__How to complete this task__
The lines from the first line of the entries through the line containing "by rewrite mem_iota; apply; lia." are to be repeated exactly, with both of those lines included.

┌─ Data records

Lemma rot_avoids_mono3P (p : seq nat) : 3 <= size p -> uniq p ->
  (forall k, k <= size p -> avoids_mono3 (rot k p)) <-> alternating p.
Proof.
move=> p3 up; split=> [avk i | alt k hk].
  have asc_succ : cyc_asc p (i %% size p).+1 = cyc_asc p i.+1.
    by rewrite -cyc_asc_mod modnS_mod cyc_asc_mod.
  have ki : i %% size p <= size p by rewrite ltnW ?ltn_pmod //; lia.
  rewrite -cyc_asc_mod -asc_succ -[i %% size p]addn0 -no_mono3_at_rot //.
  move: (avk _ ki); rewrite avoids_mono3E size_rot => /allP/(_ 0).
  by rewrite mem_iota; apply; lia.
rewrite avoids_mono3E size_rot; apply/allP => j; rewrite mem_iota => hj.
by rewrite no_mono3_at_rot ?alt //; lia.
Qed.

Lemma alternating_parity p i : alternating p -> cyc_asc p i = cyc_asc p 0 (+) odd i.
Proof.
move=> alt; elim: i => [|i IHi]; first by rewrite addbF.
by move: (alt i); rewrite IHi /=; case: (cyc_asc _ _) (cyc_asc _ _) (odd i) => [] [] [].
Qed.

Lemma alternating_even_size p : 0 < size p -> alternating p -> ~~ odd (size p).
Proof.
move=> p0 /(alternating_parity (size p)).
by rewrite -cyc_asc_mod modnn; case: (cyc_asc p 0); case: (odd _).
Qed.

Lemma alternating_of_parity p b : 0 < size p -> ~~ odd (size p) ->
  (forall i, i < size p -> cyc_asc p i = b (+) odd i) -> alternating p.
Proof.
move=> p0 ev par i.
rewrite -cyc_asc_mod -(cyc_asc_mod p i.+1) !par ?ltn_pmod // !odd_mod ?(negbTE ev) //=.
by rewrite addbN; case: (_ (+) _).
Qed.

Lemma updownP (q : seq nat) : uniq q ->
  reflect (forall i, i.+1 < size q -> (nth 0 q i < nth 0 q i.+1) = ~~ odd i) (updown q).
Proof.
move=> uq; have neq i : i.+1 < size q -> nth 0 q i != nth 0 q i.+1.
  by move=> hi; rewrite nth_uniq ?ltn_eqF ?(ltnW hi).
apply: (iffP allP) => ud i => [hi | ].
  by have := ud i; rewrite mem_iota; case: (odd i) (neq i hi) => /=; lia.
rewrite mem_iota => hi; have {}hi : i.+1 < size q by lia.
by have := ud i hi; case: (odd i) (neq i hi) => /=; lia.
Qed.

Lemma cyc_asc_rcons (q : seq nat) x i : i.+1 < size q ->
  cyc_asc (rcons q x) i = (nth 0 q i < nth 0 q i.+1).
Proof.
move=> hi; have hi' := ltnW hi.
by rewrite /cyc_asc size_rcons !modn_small ?nth_rcons ?hi ?hi' // ltnW.
Qed.

Lemma cyc_asc_to_max (q : seq nat) x i : i.+1 = size q -> all (fun y => y < x) q ->
  cyc_asc (rcons q x) i.
Proof.
move=> sq /allP qx; rewrite /cyc_asc size_rcons -sq !modn_small //.
by rewrite !nth_rcons -sq ltnSn ltnn eqxx qx // mem_nth // -sq.
Qed.

Lemma cyc_asc_from_max (q : seq nat) x : 0 < size q -> all (fun y => y < x) q ->
  cyc_asc (rcons q x) (size q) = false.
Proof.
move=> q0 /allP qx; rewrite /cyc_asc size_rcons modnn modn_small //.
by rewrite !nth_rcons ltnn eqxx q0; apply/negbTE; rewrite -leqNgt ltnW // qx // mem_nth.
Qed.

Lemma alternating_rcons_max (q : seq nat) x :
    odd (size q) -> uniq q -> all (fun y => y < x) q ->
  alternating (rcons q x) <-> updown q.
Proof.
move=> oq uq qx; have q0 : 0 < size q by case: (size q) oq.
have from_max := cyc_asc_from_max q0 qx.
split=> [alt | /(updownP uq) ud].
  have asc0 : cyc_asc (rcons q x) 0.
    by move: (alternating_parity (size q) alt); rewrite from_max oq; case: (cyc_asc _ 0).
  apply/(updownP uq) => i hi.
  by rewrite -(cyc_asc_rcons x hi) (alternating_parity i alt) asc0.
apply: (alternating_of_parity (b := true)); rewrite ?size_rcons //= ?oq // => i.
rewrite ltnS leq_eqVlt => /predU1P [-> | ]; first by rewrite from_max oq.
rewrite leq_eqVlt => /predU1P [eq_i | lt_i]; last by rewrite cyc_asc_rcons ?ud.
by move: oq; rewrite cyc_asc_to_max // -eq_i /= => ->.
Qed.

Lemma size_pseq n (s : 'S_n) : size (pseq s) = n.
Proof. by rewrite size_map size_enum_ord. Qed.

Lemma nth_pseq n (s : 'S_n) (i : 'I_n) : nth 0 (pseq s) i = s i.
Proof. by rewrite (nth_map i) ?size_enum_ord // nth_ord_enum. Qed.

Lemma pseq_inj n : injective (@pseq n).
Proof.
move=> s t eq_st; apply/permP => i; apply: val_inj.
by rewrite /= -!nth_pseq eq_st.
Qed.

Lemma pseq_uniq n (s : 'S_n) : uniq (pseq s).
Proof. by rewrite map_inj_uniq ?enum_uniq // => i j /val_inj/perm_inj. Qed.

Lemma pseq_bounded n (s : 'S_n) : all (fun y => y < n) (pseq s).
Proof. by apply/allP => y; rewrite /pseq => /mapP[i _ ->]; apply: ltn_ord. Qed.

Lemma cyc_avoidsE n (s : 'S_n) :
  cyc_avoids s <-> forall k, k <= n -> avoids_mono3 (rot k (pseq s)).
Proof.
split=> [av k hk | av]; first exact: (forallP av (Ordinal (hk : k < n.+1))).
by apply/forallP => k; apply: av; rewrite -ltnS.
Qed.

Lemma cyc_avoids_small n (s : 'S_n) : n <= 2 -> cyc_avoids s.
Proof.
by move=> n2; apply/cyc_avoidsE => k _; rewrite avoids_mono3_small // size_rot size_pseq.
Qed.

Lemma cyc_avoids_alternating n (s : 'S_n) : 3 <= n -> cyc_avoids s <-> alternating (pseq s).
Proof. by move=> n3; rewrite cyc_avoidsE -rot_avoids_mono3P ?pseq_uniq ?size_pseq. Qed.

Lemma cyc_avoids_odd n (s : 'S_n) : odd n -> 3 <= n -> ~~ cyc_avoids s.
Proof.
move=> on n3; apply/negP => /(cyc_avoids_alternating s n3) alt.
have s0 : 0 < size (pseq s) by rewrite size_pseq; lia.
by have := alternating_even_size s0 alt; rewrite size_pseq on.
Qed.

Local Notation ext_max := (lift_perm ord_max ord_max).

Lemma pseq_ext_max m (t : 'S_m) : pseq (ext_max t : 'S_m.+1) = rcons (pseq t) m.
Proof.
apply: (@eq_from_nth _ 0) => [|i]; first by rewrite size_rcons !size_pseq.
rewrite size_pseq => lt_i; rewrite -[i]/(val (Ordinal lt_i)) nth_pseq nth_rcons size_pseq /=.
have [lt_im | ge_im] := ltnP i m.
  have -> : Ordinal lt_i = lift ord_max (Ordinal lt_im).
    by apply: val_inj; rewrite /= /bump leqNgt lt_im.
  by rewrite lift_perm_lift lift_max -[i]/(val (Ordinal lt_im)) nth_pseq.
have eq_im : i = m by lia.
subst i; have -> : Ordinal lt_i = ord_max by apply: val_inj.
by rewrite lift_perm_id eqxx.
Qed.

Lemma cyc_avoids_ext_max m (t : 'S_m) : odd m ->
  cyc_avoids (ext_max t : 'S_m.+1) <-> updown (pseq t).
Proof.
move=> om; have [m1 | m3] : m = 1 \/ 3 <= m.+1.
  by case: m om t => [|[|m]] //= _ _; [left | right].
  by subst m; rewrite /updown size_pseq; split=> // _; apply: cyc_avoids_small.
rewrite (cyc_avoids_alternating _ m3) pseq_ext_max.
by apply: alternating_rcons_max; rewrite ?size_pseq ?pseq_uniq ?pseq_bounded.
Qed.

Section CyclicShift.

Variable m : nat.
Local Notation n := m.+1.
Local Open Scope group_scope.

Definition cyc_shift : 'S_n := perm (@ordS_inj n).

Lemma cyc_shiftX k (i : 'I_n) : val ((cyc_shift ^+ k) i) = (k + i) %% n.
Proof.
elim: k => [|k IHk]; first by rewrite expg0 perm1 add0n modn_small.
by rewrite expgSr permM permE /= IHk modnS_mod.
Qed.

Lemma cyc_shift_order : cyc_shift ^+ n = 1.
Proof. by apply/permP => i; apply: val_inj; rewrite cyc_shiftX perm1 modnDl modn_small. Qed.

└─

__Answer area__
Lemma rot_avoids_mono3P (p : seq nat) : 3 <= size p -> uniq p ->
  (forall k, k <= size p -> avoids_mono3 (rot k p)) <-> alternating p.
Proof.
move=> p3 up; split=> [avk i | alt k hk].
  have asc_succ : cyc_asc p (i %% size p).+1 = cyc_asc p i.+1.
    by rewrite -cyc_asc_mod modnS_mod cyc_asc_mod.
  have ki : i %% size p <= size p by rewrite ltnW ?ltn_pmod //; lia.
  rewrite -cyc_asc_mod -asc_succ -[i %% size p]addn0 -no_mono3_at_rot //.
  move: (avk _ ki); rewrite avoids_mono3E size_rot => /allP/(_ 0).
  by rewrite mem_iota; apply; lia.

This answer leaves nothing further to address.